Citizens for Clean Air in Apartments

Maryland House Gives Preliminary Approval To $1 Cigarette Tax Increase
The Maryland House of Delegates gave preliminary approval yesterday, March 25, 1999, to a proposal to raise the state's cigarette tax by $1 per pack. "This is a great victory for the children of Maryland," said Vincent DeMarco, executive director of the Maryland Children's Initiative.

"The House of Delegates stood up to the tobacco lobby and defeated all attempts to weaken or kill the bill." Final House approval could come this week.

The bill would then move to the Senate, where Senate President Thomas V. Mike Miller Jr. is strongly opposed to a tax increase.

The chair of the Senate Budget and Taxation Committee, Sen. Barbara Hoffman (D), said that some form of a tax increase will pass her committee, and the bill's sponsor, Sen. Chris Van Hollen Jr., said, "I'm optimistic we'll get a healthy tax out of the committee."

Source:
WASHINGTON POST, (3/25/99) "Cigarette Tax Increase Moves Forward In Md.", Robert Pierre, p.
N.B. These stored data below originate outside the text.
(* Every code $C\subseteq[5]^7$ with $|C|=14$ and minimum Hamming distance at least $6$ can be extended to such a code of size $15$: there exists $u\in[5]^7$ such that $C\cup\{u\}$ has $15$ elements and minimum Hamming distance at least $6$.
   Context: $[5]=\{0,1,2,3,4\}$. The Hamming distance between two words of $[5]^7$ is the number of coordinates in which they differ; the minimum distance of a code is the minimum Hamming distance between distinct codewords. *)

From mathcomp Require Import all_boot.
Set Implicit Arguments. Unset Strict Implicit. Unset Printing Implicit Defensive.

Definition word := {ffun 'I_7 -> 'I_5}.

Definition hamming (x y : word) : nat := #|[set i : 'I_7 | x i != y i]|.

Definition min_dist_ge (C : {set word}) (d : nat) : Prop :=
  forall x y, x \in C -> y \in C -> x != y -> d <= hamming x y.

From mathcomp Require Import all_boot.
From mathcomp Require Import zify.

(* Proof by double counting the agreements inside the code.
   For a code C, let cnt C i a be the number of codewords carrying the symbol
   a in coordinate i, and load C x = \sum_i cnt C i (x i) the number of pairs
   (y, i) with y in C and y i = x i.  Summing the load over C gives
   \sum_i \sum_a (cnt C i a)^2.
   - Upper bound: two distinct codewords at distance >= 6 agree in at most one
     coordinate, so load C x <= 7 + 13 = 20 for x in C; the total is <= 280.
   - Lower bound: each column sums to 14 and m^2 + 6 >= 5 m on naturals, so
     each \sum_a (cnt C i a)^2 >= 5 * 14 - 30 = 40; the total is >= 280.
   Hence all inequalities are tight: every count lies in {2, 3} and every
   codeword has load 20.  A column of five counts in {2, 3} summing to 14 has
   a symbol of count 2; the word u choosing such symbols agrees with any x in
   C at most at the coordinates where cnt C i (x i) = 2, i.e. at most
   \sum_i (3 - cnt C i (x i)) = 21 - 20 = 1 times, so u is at distance >= 6
   from every codeword (in particular u is not in C). *)

Definition agree (x y : word) : nat := \sum_i (x i == y i).

Lemma hamming_sum (x y : word) : hamming x y = \sum_i (x i != y i).
Proof.
rewrite /hamming -sum1_card big_mkcond /=.
by apply: eq_bigr => i _; rewrite inE; case: (x i != y i).
Qed.

Lemma agree_hamming (x y : word) : agree x y + hamming x y = 7.
Proof.
rewrite hamming_sum /agree -big_split /=.
rewrite (eq_bigr (fun _ => 1)); last by move=> i _; case: (x i == y i).
by rewrite sum_nat_const card_ord.
Qed.

Lemma agree_refl (x : word) : agree x x = 7.
Proof. by rewrite -(agree_hamming x x) hamming_sum big1 ?addn0 // => i; rewrite eqxx. Qed.

Lemma hamming_sym (x y : word) : hamming x y = hamming y x.
Proof. by rewrite !hamming_sum; apply: eq_bigr => i _; rewrite eq_sym. Qed.

Lemma eq_of_leq_sum (I : finType) (P : pred I) (f g : I -> nat) :
  (forall k, P k -> f k <= g k) ->
  \sum_(k | P k) g k <= \sum_(k | P k) f k -> forall k, P k -> f k = g k.
Proof.
move=> le_fg le_sum k Pk.
have [_ sum_eq] := leqif_sum (fun i Pi => leqif_eq (le_fg i Pi)).
have : [forall (i | P i), f i == g i] by rewrite -sum_eq eqn_leq le_sum leq_sum.
by move/forall_inP/(_ k Pk)/eqP.
Qed.

(* The pointwise inequality behind the lower bound: (m - 2)(m - 3) >= 0,
   with equality exactly for m in {2, 3}. *)
Lemma five_le_sq_add6 (m : nat) : 5 * m <= m ^ 2 + 6.
Proof. by rewrite -mulnn; case: m => [|[|[|[|m]]]] //; nia. Qed.

Lemma five_eq_sq_add6 (m : nat) : 5 * m = m ^ 2 + 6 -> 2 <= m <= 3.
Proof. by rewrite -mulnn; case: m => [|[|[|[|m]]]] //; nia. Qed.

Lemma sum_pred1_nat (b : 'I_5) (F : 'I_5 -> nat) : \sum_a (b == a) * F a = F b.
Proof.
rewrite (bigD1 b) //= eqxx mul1n big1 ?addn0 // => a.
by rewrite eq_sym => /negPf ->.
Qed.

Section ColumnCounts.

Variable C : {set word}.

Definition cnt (i : 'I_7) (a : 'I_5) : nat := \sum_(y in C) (y i == a).

Definition load (x : word) : nat := \sum_i cnt i (x i).

Lemma sum_cnt i : \sum_a cnt i a = #|C|.
Proof.
rewrite /cnt exchange_big /= -sum1_card; apply: eq_bigr => y _.
transitivity (\sum_a (y i == a) * 1); first by apply: eq_bigr => a _; rewrite muln1.
exact: (sum_pred1_nat (y i) (fun _ => 1)).
Qed.

Lemma load_agree x : load x = \sum_(y in C) agree y x.
Proof. by rewrite /load /cnt exchange_big. Qed.

Lemma sum_load : \sum_(x in C) load x = \sum_i \sum_a cnt i a ^ 2.
Proof.
rewrite exchange_big /=; apply: eq_bigr => i _.
rewrite (eq_bigr (fun x : word => \sum_a (x i == a) * cnt i a)); last first.
  by move=> x _; rewrite sum_pred1_nat.
rewrite exchange_big /=; apply: eq_bigr => a _.
by rewrite -big_distrl -mulnn.
Qed.

Lemma sum_sq_cnt_lower i : 5 * #|C| <= \sum_a cnt i a ^ 2 + 30.
Proof.
rewrite -(sum_cnt i) big_distrr /=.
apply: (@leq_trans (\sum_(a < 5) (cnt i a ^ 2 + 6))).
  by apply: leq_sum => a _; apply: five_le_sq_add6.
by rewrite big_split /= sum_nat_const card_ord.
Qed.

(* Upper bound on a load: in a code of minimum distance d, distinct
   codewords agree in at most 7 - d coordinates. *)
Lemma load_upper d x :
  min_dist_ge C d -> x \in C -> load x <= 7 + #|C|.-1 * (7 - d).
Proof.
move=> hd xC; rewrite load_agree (bigD1 x xC) /= agree_refl leq_add2l.
have -> : #|C|.-1 = \sum_(y in C | y != x) 1.
  by rewrite (cardD1 x) xC -sum1_card; apply: eq_bigl => y; rewrite !inE andbC.
rewrite big_distrl /=; apply: leq_sum => y /andP [yC yx].
by have := hd _ _ yC xC yx; have := agree_hamming y x; lia.
Qed.

End ColumnCounts.

Section Extremal.

Variable C : {set word}.
Hypothesis card_C : #|C| = 14.
Hypothesis dist_C : min_dist_ge C 6.

(* Both bounds of the double count equal 280, so they are attained:
   all column counts lie in {2, 3} and every codeword has load 20. *)
Lemma double_count_tight :
  (forall i a, 2 <= cnt C i a <= 3) /\ (forall x, x \in C -> load C x = 20).
Proof.
have load_le x : x \in C -> load C x <= 20.
  by move=> xC; have := @load_upper C 6 x dist_C xC; rewrite card_C.
have col_ge i : 40 <= \sum_a cnt C i a ^ 2.
  by have := sum_sq_cnt_lower C i; rewrite card_C; lia.
have total_le : \sum_i \sum_a cnt C i a ^ 2 <= \sum_(i < 7) 40.
  rewrite -sum_load sum_nat_const card_ord.
  apply: (@leq_trans (\sum_(x in C) 20)); first exact: leq_sum.
  by rewrite sum_nat_const card_C.
have col_eq i : \sum_a cnt C i a ^ 2 = 40.
  symmetry; apply: (@eq_of_leq_sum _ xpredT (fun=> 40)
    (fun j => \sum_a cnt C j a ^ 2) _ total_le i isT) => k _.
  exact: col_ge.
split=> [i a | x xC].
  have col_tight : \sum_a (cnt C i a ^ 2 + 6) <= \sum_a 5 * cnt C i a.
    by rewrite -big_distrr big_split /= sum_cnt card_C col_eq sum_nat_const card_ord.
  apply: five_eq_sq_add6; apply: (@eq_of_leq_sum _ xpredT (fun a => 5 * cnt C i a)
    (fun a => cnt C i a ^ 2 + 6) _ col_tight a isT) => k _.
  exact: five_le_sq_add6.
have loads_tight : \sum_(y in C) 20 <= \sum_(y in C) load C y.
  rewrite sum_load sum_nat_const card_C.
  apply: (@leq_trans (\sum_(i < 7) 40)); first by rewrite sum_nat_const card_ord.
  exact: leq_sum.
exact: (@eq_of_leq_sum _ (mem C) (load C) (fun=> 20) load_le loads_tight x xC).
Qed.

(* Five counts in {2, 3} summing to 14 cannot all be 3. *)
Lemma cnt_two_exists i : exists a, cnt C i a = 2.
Proof.
have [cnt23 _] := double_count_tight.
have [a /eqP cnt2 | no2] := pickP (fun a => cnt C i a == 2); first by exists a.
have : \sum_a cnt C i a = \sum_(a < 5) 3.
  by apply: eq_bigr => a _; have := cnt23 i a; have := no2 a; lia.
by rewrite sum_cnt card_C sum_nat_const card_ord.
Qed.

Definition hole : word := [ffun i => odflt ord0 [pick a | cnt C i a == 2]].

Lemma cnt_hole i : cnt C i (hole i) = 2.
Proof.
rewrite ffunE; case: pickP => [a /eqP // | no2].
by have [a /eqP] := cnt_two_exists i; rewrite no2.
Qed.

Lemma agree_hole x : x \in C -> agree x hole <= 1.
Proof.
move=> xC; have [cnt23 load20] := double_count_tight.
have slack : \sum_i (3 - cnt C i (x i)) = 1.
  have := load20 x xC; rewrite /load => load_x.
  apply/eqP; rewrite -(eqn_add2r 20) -{1}load_x -big_split /=.
  rewrite (eq_bigr (fun _ => 3)) ?sum_nat_const ?card_ord // => i _.
  by have := cnt23 i (x i); move: (cnt C i (x i)) => m; lia.
rewrite -slack; apply: leq_sum => i _.
by case: eqP => [-> | _] //; rewrite cnt_hole.
Qed.

Lemma hamming_hole x : x \in C -> 6 <= hamming x hole.
Proof. by move=> xC; have := agree_hole x xC; have := agree_hamming x hole; lia. Qed.

Lemma hole_notin : hole \notin C.
Proof. by apply/negP => /agree_hole; rewrite agree_refl. Qed.

End Extremal.

Theorem proposition5p7 (C : {set word}) :
  #|C| = 14 -> min_dist_ge C 6 ->
  exists u : word, #|u |: C| = 15 /\ min_dist_ge (u |: C) 6.
Proof.
move=> card_C dist_C; exists (hole C); split.
  by rewrite cardsU1 (hole_notin C card_C dist_C) card_C.
move=> x y; rewrite !in_setU1 => /predU1P [-> | xC] /predU1P [-> | yC] nxy.
- by rewrite eqxx in nxy.
- by rewrite hamming_sym; apply: hamming_hole.
- exact: hamming_hole.
- exact: dist_C.
Qed.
B1
Excerpted from the AP
March 25, 1999: The Maine Senate followed the lead of the House and voted Wednesday to outlaw all smoking in Maine restaurants.

The Senate voted 26-6 in favor of 100% smokefree restaurants. The House voted 100-48. "The only loser in this kind of legislation is the tobacco industry," said Dr. Dora Mills, the state's health director. Mills left the door open to expanding the ban in the future to pool halls and taverns.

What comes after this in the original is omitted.